Evaluating a text classification model


I am trying to classify text into 10 categories. I have example data that I am feeding into Prodigy and I am training a model with that data. The process I am following is:

  • Creating around 25k accept and reject examples.

  • Creating a dataset with those examples with db-in

  • Using textcat.batch-train recipe to get a the model I am going to use for predicting.

I am having 0.91 as accuracy and f-score ( Correct 5162 and Incorrect 509)

But when I use the resulting model for predicting categories in unseen and seen text (just for checking), I can verify that it predicts correctly only around the 80% of my seen data, even if it is the data I have been training and testing my model with. How is it possible to have such a difference? Is it not supposed to be near 90%?

How can I improve my model?


How exactly are you checking and calculating this? What do you count as "correct"? And how did you evaluate the model after training – did you use a dedicated evaluation set or just let it hold back some portion of the data?

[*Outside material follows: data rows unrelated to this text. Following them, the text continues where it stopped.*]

(* Let $n\geq 2$ and let $G$ be the Coxeter group with generators $t_0,t_1,\dots,t_{n-1}$ and relations $t_j^2=1$ for all $j$; $(t_0t_2)^4=1$ (if $n\geq 3$); $(t_0t_j)^2=1$ for $3\leq j\leq n-1$; $(t_it_{i+1})^3=1$ for $1\leq i\leq n-2$; $(t_it_j)^2=1$ for $1\leq i,j\leq n-1$ with $|i-j|\geq 2$; and no relation between $t_0$ and $t_1$ (i.e. $m(t_0,t_1)=\infty$). Then the assignment $t_0\mapsto\sigma_{12}$, $t_i\mapsto\alpha_{(i,i+1)}$ ($1\leq i\leq n-1$) extends to a surjective homomorphism $G\to\mathrm{Aut}(W_n)$. Moreover, the subgroup of $\mathrm{Aut}(W_n)$ generated by $\{\sigma_{12}\}\cup\{\alpha_{(i,i+1)}\mid i=2,\dots,n-1\}$ is finite.
   Context: $W_n=\langle s_1,\dots,s_n\mid s_1^2,\dots,s_n^2\rangle$. For $1\leq i\neq j\leq n$, $\sigma_{ij}\in\mathrm{Aut}(W_n)$ is defined by $\sigma_{ij}(s_j)=s_is_js_i$ and $\sigma_{ij}(s_k)=s_k$ for $k\neq j$. For $\pi\in\mathrm{Sym}(n)$, $\alpha_\pi\in\mathrm{Aut}(W_n)$ is defined by $\alpha_\pi(s_k)=s_{\pi(k)}$. *)

From HB Require Import structures.
From mathcomp Require Import all_boot all_fingroup.
Set Implicit Arguments. Unset Strict Implicit. Unset Printing Implicit Defensive.

(* Generators s_1,...,s_n are encoded (0-indexed) by 'I_n.  Elements of W_n
   are the reduced words (no two adjacent letters equal), the standard normal
   form in the free product of n copies of Z/2. *)

Definition reducedb n (w : seq 'I_n) : bool := sorted (fun a b => a != b) w.

Definition push n (a : 'I_n) (s : seq 'I_n) : seq 'I_n :=
  match s with
  | b :: s' => if a == b then s' else a :: s
  | [::] => [:: a]
  end.

Definition red n (w : seq 'I_n) : seq 'I_n := foldr (@push n) [::] w.

Lemma red_reduced n (w : seq 'I_n) : reducedb (red w).
Proof.
rewrite /reducedb; elim: w => [|a w IH] //=.
case: (red w) IH => [|b s] //= Hs.
case: eqP => [_|/eqP ab]; first exact: (path_sorted Hs).
by rewrite /= ab Hs.
Qed.

Definition W n := {w : seq 'I_n | reducedb w}.

Definition mkW n (w : seq 'I_n) : W n := exist _ (red w) (red_reduced w).

Definition wmul n (x y : W n) : W n := mkW (sval x ++ sval y).

Definition wgen n (i : 'I_n) : W n := mkW [:: i].

Definition is_aut n (f : W n -> W n) : Prop :=
  (forall x y, f (wmul x y) = wmul (f x) (f y)) /\ bijective f.

Definition sigma_map n (i j : 'I_n) (x : W n) : W n :=
  mkW (flatten (map (fun k => if k == j then [:: i; j; i] else [:: k]) (sval x))).

Definition alpha_map n (p : {perm 'I_n}) (x : W n) : W n :=
  mkW (map p (sval x)).

(* Generators t_0,...,t_{n-1} encoded by 'I_n (same indexing as the paper).
   Coxeter matrix m(i,j), None = infinity. *)
Definition coxm (i j : nat) : option nat :=
  if i == j then Some 1
  else if (i == 0) && (j == 1) || (i == 1) && (j == 0) then None
  else if (i == 0) && (j == 2) || (i == 2) && (j == 0) then Some 4
  else if (i == 0) || (j == 0) then Some 2          (* t_0 with t_j, j >= 3 *)
  else if (i == j.+1) || (j == i.+1) then Some 3    (* adjacent, both >= 1 *)
  else Some 2.                                      (* |i-j| >= 2, both >= 1 *)

Inductive relator n : seq 'I_n -> Prop :=
  | rel_sq (j : 'I_n) : relator [:: j; j]
  | rel_cox (i j : 'I_n) (k : nat) :
      i != j -> coxm i j = Some k -> relator (flatten (nseq k [:: i; j])).

(* the congruence on words defining G (words in the t_j; since all t_j are
   involutions, G is the quotient of the free monoid by this congruence) *)
Inductive cox_eq n : seq 'I_n -> seq 'I_n -> Prop :=
  | ce_refl u : cox_eq u u
  | ce_sym u v : cox_eq u v -> cox_eq v u
  | ce_trans u v w : cox_eq u v -> cox_eq v w -> cox_eq u w
  | ce_rel u r v : relator r -> cox_eq (u ++ r ++ v) (u ++ v).

(* t_0 |-> sigma_{12}, t_k |-> alpha_{(k,k+1)} (paper's 1-indexed s's),
   i.e. 0-indexed: sigma (0,1), tperm (k-1) k. *)
Definition gen_img m (k : 'I_m.+2) : W m.+2 -> W m.+2 :=
  if val k == 0 then sigma_map ord0 (inord 1)
  else alpha_map (tperm (inord k.-1) k).

Definition ev m (u : seq 'I_m.+2) : W m.+2 -> W m.+2 :=
  foldr (fun k f => gen_img k \o f) id u.

From HB Require Import structures.
From mathcomp Require Import all_boot all_fingroup zify.
Set Implicit Arguments. Unset Strict Implicit. Unset Printing Implicit Defensive.

(* An endomorphism of W_n is a substitution s_k |-> X_k; it is an automorphism
   only if each X_k is a reduced odd palindrome (a conjugate of a generator).
   The relations of G are checked directly: the images of t_1, ..., t_(n-1) are the
   Coxeter generators of Sym(n), and alpha_(12) conjugates sigma_(01) into the
   partial conjugation sigma_(02), which commutes with it.
   Surjectivity is Nielsen reduction on the total length of the X_k: if no X_l
   begins with the first half of some X_k up to its centre, the centres survive
   in every product, so f^-1 maps letters to letters and f is a permutation;
   otherwise X_k X_l X_k is shorter than X_l and composing f with sigma_kl
   shortens f.  Every sigma_kl is conjugate to sigma_(01) by a permutation.
   For finiteness, without t_1 all permutations fix s_0, so every product of the
   remaining generators conjugates a subset of the letters by s_0 and then
   permutes the letters: there are finitely many such maps. *)

Ltac eqsimp := repeat (progress (rewrite /=) || rewrite eqxx ||
  match goal with
  | H : is_true (?a != ?b) |- context [?a == ?b] => rewrite (negbTE H)
  | H : is_true (?a != ?b) |- context [?b == ?a] => rewrite [b == a]eq_sym (negbTE H)
  end).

The thing is, when you evaluate a model, the score reflects how accurate the model's predictions are on the given evaluation set. If the evaluation set is good and representative, those results should ideally generalise to other similar datasets. So if you ran the same evaluation again on that data, you should get similar results. If the evaluation set is unideal, it may produce less reliable results.

If you're serious about evaluating and drawing conclusions from the results beyond "looks like the model is learning", you probably want to set up your own, separate evaluation scripts and consistently work with the same representative evaluation set. This lets you test the model in a way that gives you meaningful insights and can help you find problems in the model and/or the data.

Hi Ines!

I am calculating this based on the labelled data that I have. The data I am training the model with.

I have around 25k examples of labelled data that I use to train and test my model with. When I train the model with textcat.batch-train over this data, the data is split on training (80%) and test set (20%). The accuracy of this model is 0.91.

Afterwards I use the textcat.batch-train resulting model to predict the category for all documents (the ones that I have used for training and testing the model and the ones that I don't know the category). If I check only the ones that I have used for training the model and I compare the "real" label with the label predicted by the model there is a difference in accuracy of 0.10 more or less. If It was able of having a 0.91 accuracy before, I don't understand why it is having around 0.80 with the same set of the dataset.

Anyway I am going to create an evaluation set, that is for sure but I don't know if I am mixing some concepts here.


I think a dedicated evaluation set will definitely make this clearer and easier to compare the results. I think the main points here are:

  • A random split is okay to get a rough idea of whether something is working, but it can easily lead to inconsistent results.
  • When you're running your own evaluation, make sure you're accounting for whether the labels are exclusive. By default, textcat.batch-train assumes that multiple labels can apply (unless you set --exclusive). If you're later evaluating the model assuming that labels are exclusive, you may see significantly worse results.

On a related note, you might also want to check out the text classification evaluation coming to the next version of spaCy – code here: https://github.com/explosion/spaCy/pull/4226

Yes, definitely I will use a dedicated evaluation set.

In fact, I don't want the labels to be exclusive may be the problem is that I am not evaluating the model in the proper way. If the result is Health 0.99, Energy 0.87 and so on, I am getting just the first label because I don't know the threshold I might use to get more than one label. More than 0.8? More than 0.9? I don't mind to get more than one label, It is totally correct but I don't know when I do have to get two labels or just one or three...

Thanks again for the time you spend answering my questions!